> _YOUR ASSIGNMENT_
Please repeat exactly the line containing "bidegree (t + (U_(x i k) + U_(x h j)))%MM." and each line after it in the records below, through the last.

> _DATA PROVIDED_
Definition rowsum (m : 'X_{1..n * n}) (i : 'I_n) : nat := (\sum_j m (x i j))%N.
Definition colsum (m : 'X_{1..n * n}) (j : 'I_n) : nat := (\sum_i m (x i j))%N.
Definition bidegree (m : 'X_{1..n * n}) :=
  ([ffun i => rowsum m i], [ffun j => colsum m j]).

Lemma rowsumD m1 m2 i : rowsum (m1 + m2)%MM i = (rowsum m1 i + rowsum m2 i)%N.
Proof. by rewrite /rowsum -big_split; apply: eq_bigr => j _; rewrite mnmDE. Qed.

Lemma colsumD m1 m2 j : colsum (m1 + m2)%MM j = (colsum m1 j + colsum m2 j)%N.
Proof. by rewrite /colsum -big_split; apply: eq_bigr => i _; rewrite mnmDE. Qed.

Lemma rowsum1 i j i' : rowsum U_(x i j)%MM i' = (i == i') :> nat.
Proof.
rewrite /rowsum (bigD1 j) //= mnm1E mxvec_index_eq eqxx andbT big1 ?addn0 //.
by move=> j' j'j; rewrite mnm1E mxvec_index_eq (eq_sym j) (negbTE j'j) andbF.
Qed.

Lemma colsum1 i j j' : colsum U_(x i j)%MM j' = (j == j') :> nat.
Proof.
rewrite /colsum (bigD1 i) //= mnm1E mxvec_index_eq eqxx big1 ?addn0 //.
by move=> i' i'i; rewrite mnm1E mxvec_index_eq (eq_sym i) (negbTE i'i).
Qed.

Lemma bidegree_minor t (i h j k : 'I_n) :
  bidegree (t + (U_(x i j) + U_(x h k)))%MM =
  bidegree (t + (U_(x i k) + U_(x h j)))%MM.
Proof.
congr pair; apply/ffunP => l; rewrite !ffunE.
  by rewrite !rowsumD !rowsum1.
by rewrite !colsumD !colsum1 [((k == l) + _)%N]addnC.
Qed.

Lemma mdeg_rowsum m : mdeg m = (\sum_i rowsum m i)%N.
Proof.
rewrite mdegE (reindex _ (curry_mxvec_bij n n)) /= /rowsum pair_big /=.
by apply: eq_bigr => -[i j].
Qed.

Lemma bidegree_mdeg m1 m2 : bidegree m1 = bidegree m2 -> mdeg m1 = mdeg m2.
Proof.
case=> /ffunP eq_rows _; rewrite !mdeg_rowsum; apply: eq_bigr => i _.
by have := eq_rows i; rewrite !ffunE.
Qed.

End Bidegree.

Lemma mnm_le_U2 N (v w : 'I_N) (m : 'X_{1..N}) :
  v != w -> (0 < m v)%N -> (0 < m w)%N -> (U_(v) + U_(w) <= m)%MM.
Proof.
move=> vw mv mw; apply/mnm_lepP => l; rewrite mnmDE !mnm1E.
by case: (eqVneq v l) => [<-|_]; [rewrite eq_sym (negbTE vw) | case: eqVneq => [<-|]].
Qed.

Lemma ord_lt_neq {n} {i j : 'I_n} : (i < j)%N -> i <> j /\ j <> i.
Proof. by move=> ij; split=> eq_ij; rewrite eq_ij ltnn in ij. Qed.

Section Minors.
Variables (K : fieldType) (n : nat).
Local Notation x := (@mxvec_index n n).
Local Notation genvar := (genvar K).

Lemma genvarM i j h k : genvar i j * genvar h k = 'X_[U_(x i j) + U_(x h k)].
Proof. by rewrite mpolyXD. Qed.

Lemma I2_minor c (i h j k : 'I_n) : (i < h)%N -> (j < k)%N ->
  I2 (c * (genvar i j * genvar h k - genvar i k * genvar h j)).
Proof. by move=> ih jk; apply: ideal_gen_mull; exists i, h, j, k. Qed.

Lemma coef_sum_I2 d (f : {mpoly K[n * n]}) :
  I2 f -> coef_sum [pred u : 'X_{1..n * n} | bidegree u == d] f = 0.
Proof.
case=> gs [cs [_ gs_minors ->]]; rewrite raddf_sum /= big1 // => t _.
have [i [h [j [k [_ _ ->]]]]] := gs_minors _ (mem_nth 0 (ltn_ord t)).
by rewrite !genvarM; apply: coef_sum_binomial => s; rewrite /= bidegree_minor.
Qed.

Lemma Hgens_minor_antidiag (i h j k : 'I_n) : (i < h)%N -> (j < k)%N ->
  i = j \/ h = k -> Hgens (genvar i k * genvar h j).
Proof. by move=> *; exists i, h, j, k; split => //; left. Qed.

Lemma Hgens_minor_diag (i h j k : 'I_n) : (i < h)%N -> (j < k)%N ->
  i <> j -> h <> k -> Hgens (genvar i j * genvar h k).
Proof. by move=> *; exists i, h, j, k; split => //; right. Qed.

> _SOLVED PROBLEM_
  bidegree (t + (U_(x i k) + U_(x h j)))%MM.
Proof.
congr pair; apply/ffunP => l; rewrite !ffunE.
  by rewrite !rowsumD !rowsum1.
by rewrite !colsumD !colsum1 [((k == l) + _)%N]addnC.
Qed.

Lemma mdeg_rowsum m : mdeg m = (\sum_i rowsum m i)%N.
Proof.
rewrite mdegE (reindex _ (curry_mxvec_bij n n)) /= /rowsum pair_big /=.
by apply: eq_bigr => -[i j].
Qed.

Lemma bidegree_mdeg m1 m2 : bidegree m1 = bidegree m2 -> mdeg m1 = mdeg m2.
Proof.
case=> /ffunP eq_rows _; rewrite !mdeg_rowsum; apply: eq_bigr => i _.
by have := eq_rows i; rewrite !ffunE.
Qed.

End Bidegree.

Lemma mnm_le_U2 N (v w : 'I_N) (m : 'X_{1..N}) :
  v != w -> (0 < m v)%N -> (0 < m w)%N -> (U_(v) + U_(w) <= m)%MM.
Proof.
move=> vw mv mw; apply/mnm_lepP => l; rewrite mnmDE !mnm1E.
by case: (eqVneq v l) => [<-|_]; [rewrite eq_sym (negbTE vw) | case: eqVneq => [<-|]].
Qed.

Lemma ord_lt_neq {n} {i j : 'I_n} : (i < j)%N -> i <> j /\ j <> i.
Proof. by move=> ij; split=> eq_ij; rewrite eq_ij ltnn in ij. Qed.

Section Minors.
Variables (K : fieldType) (n : nat).
Local Notation x := (@mxvec_index n n).
Local Notation genvar := (genvar K).

Lemma genvarM i j h k : genvar i j * genvar h k = 'X_[U_(x i j) + U_(x h k)].
Proof. by rewrite mpolyXD. Qed.

Lemma I2_minor c (i h j k : 'I_n) : (i < h)%N -> (j < k)%N ->
  I2 (c * (genvar i j * genvar h k - genvar i k * genvar h j)).
Proof. by move=> ih jk; apply: ideal_gen_mull; exists i, h, j, k. Qed.

Lemma coef_sum_I2 d (f : {mpoly K[n * n]}) :
  I2 f -> coef_sum [pred u : 'X_{1..n * n} | bidegree u == d] f = 0.
Proof.
case=> gs [cs [_ gs_minors ->]]; rewrite raddf_sum /= big1 // => t _.
have [i [h [j [k [_ _ ->]]]]] := gs_minors _ (mem_nth 0 (ltn_ord t)).
by rewrite !genvarM; apply: coef_sum_binomial => s; rewrite /= bidegree_minor.
Qed.

Lemma Hgens_minor_antidiag (i h j k : 'I_n) : (i < h)%N -> (j < k)%N ->
  i = j \/ h = k -> Hgens (genvar i k * genvar h j).
Proof. by move=> *; exists i, h, j, k; split => //; left. Qed.

Lemma Hgens_minor_diag (i h j k : 'I_n) : (i < h)%N -> (j < k)%N ->
  i <> j -> h <> k -> Hgens (genvar i j * genvar h k).
Proof. by move=> *; exists i, h, j, k; split => //; right. Qed.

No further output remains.